第一話 はじめての顔
最弱のモンスターに生まれた“俺”は、ただ化けて、隠れて、生き延びてきた。
だが、初めて人間に化けた日──それは、俺の正体が“誰か”になった日だった。
俺には名前がない。
誰にも与えられなかったし、必要もなかった。
だって俺は、“最弱のモンスター”だからだ。
牙も爪もない。魔力もない。
ただひとつ──“化ける”という能力だけを持って、生まれた。
それに加えて、触れた相手の記憶を読み取り、知識や経験の断片を自分の中に取り込むことができた。

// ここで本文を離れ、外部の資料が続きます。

(* Let $f:\mathbb{R}^d\to\mathbb{R}$ be differentiable with $f^*:=\sup_{\theta} f(\theta)<\infty$. Assume (i) $f$ is $L$-smooth; (ii) $f$ satisfies the non-uniform Łojasiewicz condition with degree $\xi=0$, i.e. there is a function $C:\mathbb{R}^d\to(0,\infty)$ with $\|\nabla f(\theta)\|_2\ge C(\theta)\,|f^*-f(\theta)|$ for all $\theta$. Fix $h\in(0,1)$ and $\eta_{\max}>0$, and run $\theta_{t+1}=\theta_t+\eta_t\nabla f(\theta_t)$ for $t=1,2,\dots$, where $\eta_t$ is chosen by backtracking Armijo line-search, i.e. $\eta_t$ is the largest step-size in $(0,\eta_{\max}]$ satisfying $$f(\theta_t+\eta_t\nabla f(\theta_t))\ge f(\theta_t)+h\,\eta_t\,\|\nabla f(\theta_t)\|_2^2 .$$ Assume (iii) $\mu:=\inf_{t\ge 1}[C(\theta_t)]^2>0$. Then for every $T\ge 1$, $$f^*-f(\theta_{T+1})\le \max\Big\{\frac{L}{2h(1-h)},\ \frac{1}{h\,\eta_{\max}}\Big\}\frac{1}{\mu\, T}.$$
   Context: $f$ is $L$-smooth means $|f(\theta)-f(\theta')-\langle\nabla f(\theta'),\theta-\theta'\rangle|\le \frac{L}{2}\|\theta-\theta'\|_2^2$ for all $\theta,\theta'$. (In the paper $f$ is the policy-gradient objective of a softmax policy, e.g. $f(\theta)=\langle\pi_\theta,r\rangle$ for bandits or $f(\theta)=V^{\pi_\theta}(\rho)$ for tabular MDPs, but the result is stated for an abstract $f$ with these properties.) *)

From HB Require Import structures.
From mathcomp Require Import all_boot all_order all_algebra.
From mathcomp Require Import all_classical all_reals all_analysis.
Set Implicit Arguments. Unset Strict Implicit. Unset Printing Implicit Defensive.
Import Order.TTheory GRing.Theory Num.Theory.
Import numFieldNormedType.Exports.
Local Open Scope ring_scope.

Definition dotv {R : realType} {d : nat} (u v : 'rV[R]_d) : R :=
  \sum_(i < d) u ord0 i * v ord0 i.

Definition norm2 {R : realType} {d : nat} (v : 'rV[R]_d) : R :=
  Num.sqrt (dotv v v).

Definition is_gradient {R : realType} {d : nat}
  (f : 'rV[R]_d -> R) (g : 'rV[R]_d -> 'rV[R]_d) : Prop :=
  forall θ, differentiable f θ /\ forall v, 'd f θ v = dotv (g θ) v.

Definition L_smooth {R : realType} {d : nat}
  (f : 'rV[R]_d -> R) (g : 'rV[R]_d -> 'rV[R]_d) (L : R) : Prop :=
  forall θ θ', `|f θ - f θ' - dotv (g θ') (θ - θ')| <= L / 2 * norm2 (θ - θ') ^+ 2.

Definition is_sup_of {R : realType} {d : nat} (f : 'rV[R]_d -> R) (fstar : R) : Prop :=
  (forall θ, f θ <= fstar) /\ (forall e, 0 < e -> exists θ, fstar - e < f θ).

Definition armijo {R : realType} {d : nat}
  (f : 'rV[R]_d -> R) (g : 'rV[R]_d -> 'rV[R]_d) (h : R) (θ : 'rV[R]_d) (η : R) : Prop :=
  f (θ + η *: g θ) >= f θ + h * η * norm2 (g θ) ^+ 2.

From HB Require Import structures.
From mathcomp Require Import all_boot all_order all_algebra.
From mathcomp Require Import all_classical all_reals all_analysis.
From mathcomp Require Import ring lra.
Import Order.TTheory GRing.Theory Num.Theory.
Import numFieldNormedType.Exports.
Local Open Scope ring_scope.

(* Let M be the maximum in the bound and delta_t := f* - f(theta_t).  By
   L-smoothness every step eta >= 0 with L eta <= 2(1 - h) passes the Armijo
   test, so backtracking always returns eta_t >= 1/(hM).  The Armijo condition
   then raises f by at least |grad f(theta_t)|^2 / M, and the Lojasiewicz
   inequality turns this into delta_(t+1) <= delta_t - (mu/M) delta_t^2.  Such a
   recursion forces c n delta_(n+1) <= 1 with c = mu/M, i.e. the O(1/T) rate. *)

Lemma quadratic_decrease_step {R : realFieldType} (x y n : R) :
  0 <= n -> 0 <= y -> y <= x - x ^+ 2 -> x * n <= 1 -> y * (n + 1) <= 1.
Proof.
move=> n_ge0 y_ge0 yx xn.
have x_le1 : x <= 1 by nra.
have : y * (n + 1) <= (x - x ^+ 2) * (n + 1) by apply: ler_wpM2r; lra.
nra.
Qed.

Lemma quadratic_decrease_rate {R : realFieldType} {c : R} {u : nat -> R} :
  0 <= c -> (forall n, 0 <= u n) ->
  (forall n, (1 <= n)%N -> u n.+1 <= u n - c * u n ^+ 2) ->
  forall n, c * n%:R * u n.+1 <= 1.
Proof.
move=> c_ge0 u_ge0 u_dec; elim=> [|n IH]; first by rewrite mulr0 mul0r ler01.
rewrite -natr1 mulrAC.
apply: (@quadratic_decrease_step _ (c * u n.+1)).
- exact: ler0n.
- by rewrite mulr_ge0.
- by rewrite exprMn expr2 -!mulrA -mulrBr ler_wpM2l ?u_dec.
- by rewrite mulrAC.
Qed.

Lemma dotv_ge0 {R : realType} {d} (v : 'rV[R]_d) : 0 <= dotv v v.
Proof. by apply: sumr_ge0 => i _; rewrite -expr2 sqr_ge0. Qed.

Lemma norm2_sqr {R : realType} {d} (v : 'rV[R]_d) : norm2 v ^+ 2 = dotv v v.
Proof. by rewrite /norm2 sqr_sqrtr // dotv_ge0. Qed.

Lemma dotvZl {R : realType} {d} (u v : 'rV[R]_d) (a : R) :
  dotv (a *: u) v = a * dotv u v.
Proof. by rewrite /dotv mulr_sumr; apply: eq_bigr => i _; rewrite mxE mulrA. Qed.

Lemma dotvZr {R : realType} {d} (u v : 'rV[R]_d) (a : R) :
  dotv u (a *: v) = a * dotv u v.
Proof.
by rewrite /dotv mulr_sumr; apply: eq_bigr => i _; rewrite mxE mulrCA.
Qed.

Section GradientStep.
Context {R : realType} {d : nat} (f : 'rV[R]_d -> R) (g : 'rV[R]_d -> 'rV[R]_d).

Lemma L_smooth_ascent (L η : R) θ : L_smooth f g L ->
  f θ + η * (1 - L * η / 2) * norm2 (g θ) ^+ 2 <= f (θ + η *: g θ).
Proof.
move=> /(_ (θ + η *: g θ) θ); rewrite [θ + _ - θ]addrC addKr.
rewrite norm2_sqr dotvZr dotvZl dotvZr -norm2_sqr => /ler_normlP[+ _].
lra.
Qed.

Lemma armijo_small_step (L h η : R) θ : L_smooth f g L ->
  0 <= η -> L * η <= 2 * (1 - h) -> armijo f g h θ η.
Proof.
move=> /(L_smooth_ascent _ η θ); rewrite /armijo => ascent η_ge0 Lη.
have : 0 <= η * norm2 (g θ) ^+ 2 * (2 * (1 - h) - L * η).
  by rewrite mulr_ge0 ?subr_ge0 // mulr_ge0 // sqr_ge0.
nra.
Qed.

Lemma armijo_gap_decrease (h η e m fstar : R) θ :
  0 <= h -> 0 <= e -> e <= η ->
  m * (fstar - f θ) ^+ 2 <= norm2 (g θ) ^+ 2 -> armijo f g h θ η ->
  fstar - f (θ + η *: g θ) <= fstar - f θ - h * e * m * (fstar - f θ) ^+ 2.
Proof.
rewrite /armijo => h_ge0 e_ge0 eη grad_bound armijo_η.
have : h * e * (m * (fstar - f θ) ^+ 2) <= h * η * norm2 (g θ) ^+ 2.
  apply: (le_trans (_ : _ <= h * e * norm2 (g θ) ^+ 2)).
    by rewrite ler_wpM2l // mulr_ge0.
  by rewrite ler_wpM2r ?sqr_ge0 // ler_wpM2l.
lra.
Qed.

End GradientStep.

Lemma lojasiewicz_sqr_bound {R : realDomainType} (c m x y : R) :
  0 <= c -> c * `|x| <= y -> m <= c ^+ 2 -> m * x ^+ 2 <= y ^+ 2.
Proof.
move=> c_ge0 cxy mc.
have cx_ge0 : 0 <= c * `|x| by rewrite mulr_ge0.
apply: (le_trans (_ : _ <= (c * `|x|) ^+ 2)).
  by rewrite exprMn real_normK ?num_real // ler_wpM2r ?sqr_ge0.
by rewrite ler_sqr ?nnegrE // (le_trans cx_ge0 cxy).
Qed.

Lemma backtracking_step_bounds {R : realFieldType} {L h eta_max M : R} :
  0 < h -> h < 1 -> 0 < eta_max ->
  L / (2 * h * (1 - h)) <= M -> 1 / (h * eta_max) <= M ->
  [/\ 0 < M, (h * M)^-1 <= eta_max & L * (h * M)^-1 <= 2 * (1 - h)].
Proof.
move=> h_gt0 h_lt1 eta_gt0 LM etaM.
have M_gt0 : 0 < M by apply: lt_le_trans etaM; rewrite divr_gt0 ?mulr_gt0.
have hM_gt0 : 0 < h * M by rewrite mulr_gt0.
split => //.
  by move: etaM; rewrite mul1r invfM ler_pdivrMl // invf_ple ?posrE.
move: LM; rewrite !ler_pdivrMr ?mulr_gt0 ?subr_gt0 //; lra.
Qed.

Theorem theorem1 (R : realType) (d : nat)
  (f : 'rV[R]_d -> R) (g : 'rV[R]_d -> 'rV[R]_d) (fstar L : R)
  (C : 'rV[R]_d -> R) (h eta_max mu : R)
  (theta : nat -> 'rV[R]_d) (eta : nat -> R) :
  is_gradient f g ->
  is_sup_of f fstar ->
  L_smooth f g L ->
  (forall θ, 0 < C θ) ->
  (forall θ, norm2 (g θ) >= C θ * `|fstar - f θ|) ->
  0 < h -> h < 1 -> 0 < eta_max ->
  (forall t, (1 <= t)%N ->
     [/\ 0 < eta t, eta t <= eta_max, armijo f g h (theta t) (eta t)
       & forall η, 0 < η -> η <= eta_max -> armijo f g h (theta t) η -> η <= eta t]) ->
  (forall t, (1 <= t)%N -> theta t.+1 = theta t + eta t *: g (theta t)) ->
  (forall t, (1 <= t)%N -> mu <= C (theta t) ^+ 2) ->
  (forall e, 0 < e -> exists2 t, (1 <= t)%N & C (theta t) ^+ 2 < mu + e) ->
  0 < mu ->
  forall T : nat, (1 <= T)%N ->
    fstar - f (theta T.+1)
      <= Num.max (L / (2 * h * (1 - h))) (1 / (h * eta_max)) * (1 / (mu * T%:R)).
Proof.
move=> _ [f_le_fstar _] smooth C_gt0 lojasiewicz h_gt0 h_lt1 eta_max_gt0
  backtracking step mu_le _ mu_gt0 T T_ge1.
set M := Num.max _ _.
have M_ge_smooth : L / (2 * h * (1 - h)) <= M by rewrite le_max lexx.
have M_ge_eta_max : 1 / (h * eta_max) <= M by rewrite le_max lexx orbT.
have [M_gt0 e_le_eta_max Le_small] :=
  backtracking_step_bounds h_gt0 h_lt1 eta_max_gt0 M_ge_smooth M_ge_eta_max.
pose delta t := fstar - f (theta t).
have decrease t : (1 <= t)%N -> delta t.+1 <= delta t - mu / M * delta t ^+ 2.
  move=> t_ge1; have [_ _ armijo_t maximal] := backtracking t t_ge1.
  have e_le_eta : (h * M)^-1 <= eta t.
    apply: maximal => //; first by rewrite invr_gt0 mulr_gt0.
    by apply: armijo_small_step smooth _ Le_small; rewrite invr_ge0 ltW // mulr_gt0.
  have -> : mu / M = h * (h * M)^-1 * mu by field; rewrite !gt_eqF.
  rewrite /delta /= step //; apply: armijo_gap_decrease e_le_eta _ armijo_t.
  - exact: ltW.
  - by rewrite invr_ge0 ltW // mulr_gt0.
  - exact: lojasiewicz_sqr_bound (ltW (C_gt0 _)) (lojasiewicz _) (mu_le t t_ge1).
have delta_ge0 t : 0 <= delta t by rewrite subr_ge0.
have rate := quadratic_decrease_rate (ltW (divr_gt0 mu_gt0 M_gt0)) delta_ge0 decrease T.
have T_gt0 : 0 < T%:R :> R by rewrite ltr0n.
have c_gt0 : 0 < mu / M * T%:R by rewrite !mulr_gt0 ?invr_gt0.
rewrite -(ler_pM2l c_gt0) (_ : _ * (M * _) = 1) //.
by field; rewrite !gt_eqF.
Qed.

この力だけを頼りに、俺は捕食者から逃れ、罠を避け、生き延びてきた。
俺は今まで、鳥に化け、虫に化け、死骸にすら化けて、ただ生き延びてきた。
(名前なんて、贅沢なものだ。俺は影。声もない存在だ)
だけど、あの日。
俺は初めて“人間”に化けた。
きっかけは、くだらない冗談だった。
「お前、スパイとか向いてんじゃね?」
そう笑いながら言ったのは魔王だった。
魔界の主。名も、種族も、誰も知らない。
ただ、暇を持て余した絶対的王者は、娯楽に飢えており、どこか面白い奴はいないかと度々下界を観察しては、半ば強制的に招喚し玩具にしている。
そして、冗談めいた言葉は逆らえない命令になるような、そういう存在。
逃げ回った先が魔王が”上”から観察している場所だったのが俺の運の尽きだった。
玉座の周りに立っている側近らしきモンスター達が憐れみの目でこちらを向いている。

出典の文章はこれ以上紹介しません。